We wish that every people could enjoy the blessings of liberty as we enjoy them. But there are limits to what we can or should do to transform other cultures, customs, and institutions.
At the same time, we confront another aspect of reality, the Soviet Union and its allies -- countries that reject our concepts of human rights -- continue to enlarge their military power and seem increasingly inclined to use their arms to advance their cause.
Unlike the Soviets, we are not going to deprive peoples of their dignity and choice. Nonetheless, we are not prepared to see the world remade by others hostile to our deepest convictions held by civilized societies everywhere. We cannot stand back as if we were an island unto ourselves, observing international aggression from a safe distance. Our resistance to this aggression and our assistance to its victims constitutes a defense of human rights that is at the very basis of our foreign policy and our national interest.

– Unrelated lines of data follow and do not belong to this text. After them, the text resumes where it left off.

(* correct process p receives c from q *)
Definition recv (p q : 'I_N) (c : cmsg Msg) (st : pst) : pst * msgs :=
  match c with
  | None =>
      if q \in subs st then (st, [::])
      else (PState (q :: subs st) (readyfor st) (got st) (pcbd st) (dlv st),
            [seq (p, q, Some x) | x <- readyfor st & q \notin Byz])
  | Some x =>
      if ~~ valid_pair x then (st, [::]) else
      let st1 := PState (subs st) (readyfor st) ((q, x) :: got st)
                        (pcbd st) (dlv st) in
      let r := if Rh <= countR p st1 x then become_ready p st1 x
               else (st1, [::]) in
      let st2 := r.1 in
      let st3 := if (dlv st2 == None) && (Dh <= countD p st2 x)
                 then PState (subs st2) (readyfor st2) (got st2) (pcbd st2)
                             (Some x.1)
                 else st2 in
      (st3, r.2)
  end.

Definition pcb_deliver (p : 'I_N) (x : spair Msg) (st : pst) : pst * msgs :=
  let st1 := PState (subs st) (readyfor st) (got st) true (dlv st) in
  if valid_pair x then become_ready p st1 x else (st1, [::]).

Definition upd (f : 'I_N -> pst) (b : 'I_N) (v : pst) : 'I_N -> pst :=
  fun q => if q == b then v else f q.
(* Let $\mathcal{X},\mathcal{Y}$ be finite sets, $\mathcal{T}=\mathbb{N}$, and let $p(X,Y)\in\Delta_{\mathcal{X}\times\mathcal{Y}}$ with $p(X)$ of full support. Put $\Lambda:=I(X;Y)$ and, for $0\le\lambda\le\Lambda$, $$\mathrm{IB}(\lambda):=\operatorname{argmin}\{\, I_q(X;T) \;:\; q(T|X)\in C(\mathcal{X},\mathcal{T}),\ I_q(T;Y)\ge \lambda\,\}.$$ Then for every $\sigma\in\mathrm{Bij}(\mathcal{X})$: (i) $\mathrm{IB}(\Lambda)=\{\gamma\circ\pi_{\mathcal{X}} : \gamma\in C_{\mathrm{cong}}(\bar{\mathcal{X}},\mathcal{T})\}$; (ii) if $\kappa\in\mathrm{IB}(\Lambda)$, then $\sigma\in G_{\mathrm{ci}}$ if and only if $\kappa\circ\sigma=\kappa$; (iii) if $\sigma\in G_{\mathrm{ci}}$, then $\kappa\circ\sigma=\kappa$ for every $0\le\lambda\le\Lambda$ and every $\kappa\in\mathrm{IB}(\lambda)$; (iv) the partition $\bar{\mathcal{X}}$ coincides with the partition of $\mathcal{X}$ into $G_{\mathrm{ci}}$-orbits, i.e. $\pi_{\mathcal{X}}$ coincides with the projection on orbits $\pi_{\mathrm{ci}}:\mathcal{X}\to\mathcal{X}/G_{\mathrm{ci}}$.
   Context: All alphabets are finite except $\mathcal{T}=\mathbb{N}$. $\Delta_{\mathcal{A}}$ is the probability simplex on $\mathcal{A}$; $C(\mathcal{A},\mathcal{B})$ is the set of channels (conditional probabilities) $\kappa(b|a)$ from $\mathcal{A}$ to $\mathcal{B}$; functions are viewed as deterministic channels, and $\circ$ denotes channel composition $(\mu\circ\kappa)(c|a)=\sum_b\mu(c|b)\kappa(b|a)$. $\mathrm{Bij}(\mathcal{A})$ is the set of bijections of $\mathcal{A}$ and $e_{\mathcal{A}}$ the identity. A channel $\gamma\in C(\mathcal{A},\mathcal{B})$ is congruent, written $\gamma\in C_{\mathrm{cong}}(\mathcal{A},\mathcal{B})$, if there is a function $f:\mathcal{B}\to\mathcal{A}$ with $f\circ\gamma=e_{\mathcal{A}}$. For $q(T|X)\in C(\mathcal{X},\mathcal{T})$, the joint distribution is $q(x,y,t):=p(x,y)q(t|x)$ (Markov chain $T-X-Y$), and $I_q$ denotes mutual information under it. The channel invariance group $G_{\mathrm{ci}}$ is the group of $\sigma\in\mathrm{Bij}(\mathcal{X})$ with $p(Y|X)\circ\sigma=p(Y|X)$, i.e. $p(Y|\sigma(x))=p(Y|x)$ for all $x$. The equivalence relation $x\sim_{\mathcal{X}}x'\iff p(Y|x)=p(Y|x')$ has partition $\bar{\mathcal{X}}$ and projection $\pi_{\mathcal{X}}:\mathcal{X}\to\bar{\mathcal{X}}$. *)

From HB Require Import structures.
From mathcomp Require Import all_boot all_order all_algebra all_fingroup.
From mathcomp Require Import all_classical all_reals all_analysis.
Set Implicit Arguments. Unset Strict Implicit. Unset Printing Implicit Defensive.
Import Order.TTheory GRing.Theory Num.Theory.
Local Open Scope ring_scope.
Lemma rho_polar_D_sub_maximal T S x xs :
  pseudomonotone (rho_polar T) -> (forall x s, S x s -> rho_polar T x s) ->
  (forall x, dom S x <-> dom T x) -> no_proper_pm_extension_same_dom S ->
  rho_polar_D T x xs -> S x xs.
Proof.
  intros HR HSR Hdom Hmax Hxs.
  apply (Hmax (fun x xs => S x xs \/ rho_polar_D T x xs)); [| now left | | now right].
  - apply (pseudomonotone_sub (S' := rho_polar T)); [|exact HR].
    intros a as_ [Ha | [Ha _]]; auto.
  - intros a. split.
    + intros [as_ [Ha | [_ Hd]]]; [exists as_; exact Ha | apply Hdom; exact Hd].
    + intros [as_ Ha]. exists as_. now left.
Qed.

Lemma T_hat_sub_rho_polar_D T x xs :
  pseudomonotone T -> T_hat T x xs -> rho_polar_D T x xs.
Proof.
  intros HT [[[x0 [Hx0 Hz0]] HN] | [Hd [_ [t [v [tpos [Hv Hxsv]]]]]]].
  - split; [| exists x0; exact Hx0].
    intros y ys Hy. apply sim_pE. split; intros H.
    + apply HN. exists ys. split; [exact Hy | lra].
    + assert (H' := pseudomonotone_zero HT Hx0 Hz0 Hy). rewrite pairing_subC. lra.
  - split; [| exact Hd]. intros y ys Hy.
    apply (@sim_p_pos_multiple_l _ _ v); [exists t; auto |].
    exact (pseudomonotone_sub_rho_polar HT Hv Hy).
Qed.

Lemma rho_polar_normal_cone T x xs :
  rho_polar T x xs -> normal_cone (L_set T x) x xs.
Proof.
  intros HR y [ys [Hy Hge]]. apply (proj1 (sim_pE _ _ _ _) (HR y ys Hy)). lra.
Qed.

Lemma rho_polar_D_sub_T_hat T S x xs :
  pre_maximal_pseudomonotone T -> pseudomonotone S -> equivalent_ops T S ->
  no_proper_pm_extension_same_dom S ->
  rho_polar_D T x xs -> T_hat T x xs.
Proof.
  intros [HT HR] HS Heqv Hmax [HRx Hd].
  destruct (classic (zeros T x)) as [HzTx | HnzTx].
  - left. split; [exact HzTx | exact (rho_polar_normal_cone HRx)].
  - right. repeat split; [exact Hd | exact HnzTx |].
    assert (Hs : S x xs).
    { apply (rho_polar_D_sub_maximal HR); [| | exact Hmax | split; assumption].
      - intros a s Ha. exact (equivalent_sub_rho_polar HT HS Heqv Ha).
      - intros a. symmetry. apply (proj1 Heqv). }
    destruct (equivalent_ops_pos_multiple Heqv HnzTx Hs) as [v [Hv [t [tpos Hxsv]]]].
    exists t, v. auto.
Qed.

Lemma rho_polar_D_no_proper_extension T :
  pseudomonotone T -> no_proper_pm_extension_same_dom (rho_polar_D T).
Proof.
  intros HT S' HS' Hsub Hdom x xs Hx. split.
  - intros y ys Hy. apply (pseudomonotone_sim_p HS' Hx), Hsub.
    exact (pseudomonotone_sub_rho_polar_D HT Hy).
  - destruct (proj1 (Hdom x) (ex_intro _ xs Hx)) as [xs' [_ Hd]]. exact Hd.
Qed.

Lemma equivalent_rho_polar_D T :
  pseudomonotone T -> (forall x xs, rho_polar_D T x xs -> T_hat T x xs) ->
  equivalent_ops T (rho_polar_D T).
Proof.
  intros HT Hhat. split; [|split].
  - intros x. split; intros [xs Hx].
    + exists xs. exact (pseudomonotone_sub_rho_polar_D HT Hx).
    + exact (proj2 Hx).
  - intros x. split; intros [xs [Hx Hz]].
    + exists xs. split; [exact (pseudomonotone_sub_rho_polar_D HT Hx) | exact Hz].
    + destruct (Hhat x xs Hx) as [[HzTx _] | [_ [_ Hcone]]]; [exact HzTx |].
      destruct (cone_o_zero Hcone Hz) as [v [Hv Hzv]]. exists v. auto.
  - intros x Hd HnzTx xs. split.
    + apply cone_mono. intros w. exact (pseudomonotone_sub_rho_polar_D HT).
    + apply cone_cone_o. intros w Hw.
      destruct (Hhat x w Hw) as [[HzTx _] | [_ [_ Hcone]]]; [contradiction | exact Hcone].
Qed.

End PseudomonotonePolar.

Theorem mainTheorem16 (X : BanachSpace) (T : Operator X) :
  pre_maximal_pseudomonotone T ->
  (D_maximal_pseudomonotone T <->
   (forall (x : X) (xs : Dual X), T_hat T x xs <-> rho_polar_D T x xs)).
Proof.
  intros [HT HR]. split.
  - intros [_ [S [HS [Heqv Hmax]]]] x xs. split.
    + exact (T_hat_sub_rho_polar_D HT).
    + exact (rho_polar_D_sub_T_hat (conj HT HR) HS Heqv Hmax).
  - intros Hhat. split; [exact HT |].
    exists (rho_polar_D T). split; [|split].
    + apply (pseudomonotone_sub (S' := rho_polar T)); [now intros x xs [Hx _] | exact HR].
    + apply equivalent_rho_polar_D; [exact HT | intros x xs; apply Hhat].
    + exact (rho_polar_D_no_proper_extension HT).
Qed.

Let us be clear on one issue: the US opposes the violation of human rights by ally or adversary, friend or foe. We are not going to pursue a policy of "selective indignation."
The difficulty here lies not in the fact of violation itself, which must always be opposed, but how to assess the danger of the violation and how best to deal with the violator. We should distinguish between the deprivation of national rights through aggression and the deprivation of personal rights through oppression. The former is an international problem of long standing; the mechanisms for controlling aggression are an imperfect but workable association of military strength, self-interest, and collective security. But the mechanisms for dealing with regimes that oppress their citizens are much more rudimentary and unpredictable. In protesting the offensive domestic actions of a government, we affect the international situation as well. It is a recurrent tragedy of the human condition --and foreign policy -- that the choice of a lesser evil is still very evil. It does little good to remedy the grievances of a few if that brings down worse oppression on the many.

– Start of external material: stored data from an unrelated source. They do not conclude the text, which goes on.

Lemma mul_diag_mxE (F : pzRingType) n m (B : 'M[F]_n) (D : 'M[F]_(n, m)) k l :
  is_diag_mx B -> (B *m D) k l = B k k * D k l.
Proof.
move=> /forallP B_diag; rewrite mxE (bigD1 k) //= big1 ?addr0 // => i ik.
have /forallP/(_ i)/implyP := B_diag k.
by rewrite eq_sym => /(_ ik)/eqP ->; rewrite mul0r.
Qed.

Section L2Norm.
Variables (R : realType) (d n : nat).
Implicit Types (v : 'cV[R[i]]_n) (x y : mindex d -> 'cV[R[i]]_n).

Lemma vnorm2_ge0 v : 0 <= vnorm2 v.
Proof. by apply: sumr_ge0 => k _; exact: cabs2_ge0. Qed.

Lemma vnorm2_ge_coord v k : cabs (v k 0) ^+ 2 <= vnorm2 v.
Proof. by rewrite /vnorm2 (bigD1 k) //= lerDl sumr_ge0 // => i _; exact: cabs2_ge0. Qed.

Lemma vnorm2_0 : vnorm2 (0 : 'cV[R[i]]_n) = 0.
Proof. by rewrite /vnorm2 big1 // => k _; rewrite mxE cabs0 expr0n. Qed.

Lemma vnorm2_delta k : vnorm2 (delta_mx k 0 : 'cV[R[i]]_n) = 1.
Proof.
rewrite /vnorm2 (bigD1 k) //= big1 ?addr0 => [|i ik]; first by rewrite mxE !eqxx cabs1 expr1n.
by rewrite mxE (negbTE ik) cabs0 expr0n.
Qed.

Lemma vnorm2_le_l2norm2 x a : ((vnorm2 (x a))%:E <= l2norm2 x)%E.
Proof.
apply: esum_ge; exists [set a]%classic; first by split; [exact: finite_set1|].
by rewrite fsbig_set1.
Qed.

Lemma l2norm2_single (a : mindex d) v :
  l2norm2 (fun b => if b == a then v else 0) = (vnorm2 v)%:E.
Proof.
have vnorm2_if b : (vnorm2 (if b == a then v else 0))%:E
                   = if b \in [set a]%classic then (vnorm2 v)%:E else 0%E.
  case: (eqVneq b a) => [->|ba]; first by rewrite mem_set.
  by rewrite memNset ?vnorm2_0 // => /= eba; rewrite eba eqxx in ba.
rewrite /l2norm2 (eq_esum (fun b _ => vnorm2_if b)) -esum_mkcond esum_set1 //.
by rewrite lee_fin vnorm2_ge0.
Qed.

(* Every finite subfamily of indices lies in some box [mbox d N]. *)
Lemma l2norm2_le_mbox x y (c : R) : 0 <= c ->
  (forall N, \sum_(a <- mbox d N) vnorm2 (y a) <= c * \sum_(a <- mbox d N) vnorm2 (x a)) ->
  (l2norm2 y <= c%:E * l2norm2 x)%E.
Proof.
move=> c0 y_le; rewrite {1}/l2norm2 /esum; apply: ge_ereal_sup => _ [X [finX _] <-].
rewrite fsbig_finite //= sumEFin.
set s := finmap.enum_fset (fset_set X).
pose N := (\sum_(a <- s) msum a).+1.
have sN : {subset s <= mbox d N}.
  move=> a sa; rewrite mem_mbox; apply/forallP => j.
  by rewrite ltnS; apply: leq_trans (leq_msum a j) _; rewrite (big_rem a) //= leq_addr.
apply: (@le_trans _ _ ((c * \sum_(a <- mbox d N) vnorm2 (x a))%:E)).
  rewrite lee_fin; apply: le_trans (y_le N); apply: ler_sum_sub_uniq => //.
  - exact: finmap.fset_uniq.
  - exact: mbox_uniq.
  - by move=> a _; exact: vnorm2_ge0.
rewrite EFinM lee_pmul ?lee_fin ?sumr_ge0 // => [a _|]; first exact: vnorm2_ge0.
apply: esum_ge; exists [set` mbox d N]%classic; first by split; [exact: finite_seq|].
by rewrite -fsbig_seq ?mbox_uniq // sumEFin.
Qed.

End L2Norm.

Section DiagonalWeights.
Variables (R : realType) (n d : nat) (A : 'I_d -> mindex d -> 'M[R[i]]_n).
Hypothesis A_diag : forall j a, is_diag_mx (A j a).

Definition dweight (k : 'I_n) : 'I_d -> mindex d -> R[i] := fun j a => A j a k k.

Lemma mshift_addeps j x a : mshift A j x (addeps a j) = A j a *m x a.
Proof. by rewrite /mshift ffunE eqxx addn1 /= addepsK. Qed.

Lemma mshift_coord k j x :
  (fun a => mshift A j x a k 0) = wshift (dweight k) j (fun a => x a k 0).
Proof.
apply: funext => a; rewrite /mshift /wshift.
by case: ifP => _; rewrite ?mul_diag_mxE ?mxE.
Qed.

Lemma mshift_mono_coord k m x :
  (fun a => mshift_mono A m x a k 0) = wshift_mono (dweight k) m (fun a => x a k 0).
Proof.
rewrite /mshift_mono /wshift_mono; elim: (enum 'I_d) => [//|j l IH] /=.
by elim: (m j) => [//|t IHt] /=; rewrite -IHt mshift_coord.
Qed.

Hypothesis A_comm : forall i j a,
  A i (addeps a j) *m A j a = A j (addeps a i) *m A i a.

Lemma dweight_comm k i j a :
  dweight k i (addeps a j) * dweight k j a = dweight k j (addeps a i) * dweight k i a.
Proof.
by have := congr1 (fun B : 'M[R[i]]_n => B k k) (A_comm i j a); rewrite /= !mul_diag_mxE.
Qed.

Hypothesis A_unit : forall j a, A j a \in unitmx.

Lemma dweight_neq0 k j a : dweight k j a != 0.
Proof.
have := congr1 (fun B : 'M[R[i]]_n => B k k) (mulmxV (A_unit j a)).
rewrite /= mul_diag_mxE // mxE eqxx mulr1n /dweight; apply: contraPneq => ->.
by rewrite mul0r => /esym/eqP; rewrite oner_eq0.
Qed.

The point to be made is that we must be discriminating in our actions with an eye to the source of the violation and the impact of our protest on the violator. We should distinguish between the so-called totalitarian and authoritarian regimes. The totalitarian model unfortunately draws upon the resources of modern technology to impose its will on all aspects of a citizen's behavior. The totalitarian regimes tend to be intolerant at home and abroad, actively hostile to all we represent and ideologically resistant to political change.
The authoritarian regime usually stems from a lack of political or economic development and customarily reserves for itself absolute authority in only a few politically sensitive areas. I am not making a case for the excellence of authoritarian government; I am making the case that such regimes are more likely to change than their totalitarian counterparts. It should be our objective to hold forth ourselves as a model worthy of imitation as that change occurs and to help the evolution of authoritarian government toward a more democratic form.
A very practical question remains: how to advance human rights? This is an issue of both method and purpose, for the way something is done frequently determines whether it is done at all.
Let me put before you a few imperatives for advancing human rights:
The first imperative is to strengthen the US, its allies and friends, the main safeguard against the spread of totalitarian aggression.
Second, we must improve our own example as a society dedicated to justice.
Third, we should adopt a sense of proportion in dealing with violators -- the authoritarian versus the totalitarian regime.
Fourth, and finally, it is imperative that we examine the credentials and programs of the opposition, as well as the government --tends for human rights in the future.
Practically speaking, this means that policy on human rights must be integrated into the sphere of diplomacy, not pursued as if it were the only virtue in a foreign policy of otherwise petty or distasteful acts. We must also develop a balance between private persuasion and public pronouncement. We must care more for results than for rhetoric.